= Juan Valdano Morejón =

Ecuadorian writer

Juan Valdano Morejón (born 1939) is an Ecuadorian writer. He was born in Cuenca in 1939. He studied at the University of Cuenca (winning the Benigno Malo award for best graduate), Complutense University of Madrid and the University of Aix-en-Provence. He taught literature and literary theory at the University of Cuenca and at the Pontificia Universidad Católica del Ecuador.

He has published some 20 books in a variety of genres: novels, short stories and essays. He has won several literary awards, among them
- Premio Nacional José de la Cuadra for the short story collection Las huellas recogidas (1989)
- Condecoración al Mérito Cultural for the novel Anillos de serpiente (1998)
- Premio Nacional Joaquín Gallegos Lara also for Anillos de serpiente (1998)

Other notable works include La celada, Juegos de Proteo, and the novel Mientras llega el día, which was adapted to the cinema in 2004 by the director Camilo Luzuriaga.
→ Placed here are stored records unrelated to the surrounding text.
Lemma search_inv_open_nonempty ss q : search_inv ss ->
  is_path P (s0 P) q -> path_end P (s0 P) q \in goal P -> feasible P q ->
  sopen ss != set0.
Proof.
move=> inv q_s0 q_goal q_feas; apply/eqP => open0.
have closed_reached v : (v \in sclosed ss) = (sg ss v != None).
  by rewrite -(seen_reached inv) open0 set0U.
have end_closed : forall v q', is_path P v q' -> feasible P q' ->
    v \in sclosed ss -> path_end P v q' \in sclosed ss.
  move=> v q'; elim: q' v => [|e q' IH] v //= /andP [/eqP ev pq] /andP [fe fq] vC.
  by apply: IH => //; rewrite closed_reached closed_succ_reached // ev.
have := end_closed _ _ q_s0 q_feas; rewrite closed_reached s0_reached // => /(_ isT).
by move/(closed_not_goal inv); rewrite q_goal.
Qed.

End Search.

Section Transitions.
Variables (R : realFieldType) (P : problem R).
Hypothesis cl_le_ct : forall e, cle (cl P e) (ct P e).
Implicit Types (st : gstate P) (ss : sstate P).

Definition goal_path (p : seq (Ed P)) :=
  is_path P (s0 P) p && (path_end P (s0 P) p \in goal P).

Record mplp_inv (st : gstate P) : Prop := MplpInv {
  recorded_goal_path : forall p, p \in recorded st -> goal_path p;
  result_solution : forall p, result st = Some p -> goal_path p && feasible P p;
  srch_inv : forall ss, srch st = Some ss -> search_inv ss;
  eopen_unevaluated : forall e, e \in eopen st -> e \notin evald st }.

Lemma init_mplp_inv : mplp_inv (init_state P).
Proof. by split=> // e; rewrite in_set0. Qed.

Lemma step_mplp_inv st st' : step st st' -> mplp_inv st -> mplp_inv st'.
Proof.
case=> [[{}st _ _|{}st ss _ _ _|{}st ss s _ Hss [sO _] s_goal
         |{}st ss s ss' _ Hss [sO _] s_ngoal E]
        |[{}st e _ _]|[p [{}st _ pR _ pF _|{}st _ pR _ _]]] inv;
  split=> //=; try exact: (recorded_goal_path inv); try exact: (result_solution inv);
  try exact: (srch_inv inv); try exact: (eopen_unevaluated inv).
- by move=> ss [<-]; apply: init_search_inv.
- move=> p; rewrite mem_rcons inE => /predU1P [->|]; last exact: (recorded_goal_path inv).
  have inv_ss := srch_inv inv Hss.
  have gs : sg ss s != None by rewrite -(seen_reached inv_ss) inE sO.
  case/andP: (bp_path inv_ss gs) => p_s0 /eqP p_end.
  by rewrite /goal_path p_s0 p_end s_goal.
- move=> ss1 [<-]; exact: (expand_search_inv cl_le_ct (srch_inv inv Hss) sO s_ngoal E).
- move=> e; rewrite !inE negb_or => /orP [/(eopen_unevaluated inv)|/and3P []] //.
- move=> x; rewrite !inE negb_or => /andP [xe xO]; by rewrite xe (eopen_unevaluated inv xO).
- by move=> q [<-]; rewrite (recorded_goal_path inv pR).
- by move=> q /mem_rem /(recorded_goal_path inv).
Qed.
He is a member of the National Academy of History of Ecuador and a corresponding member of the Colombian Academy of History and the Royal Academy of History. He is also a Full Member of the Ecuadorian Academy of the Language and corresponding Member of the Royal Spanish Academy. He has been an opinion columnist for the newspaper El Comercio of Quito since 2010.

He has also received honours such as the José Peralta National Prize, the Fray Vicente Solano award and the National Award for Cultural Merit. In August 2020, Juan Valdano received the Eugenio Espejo national prize in literature, conferred by then-president of Ecuador Lenin Moreno.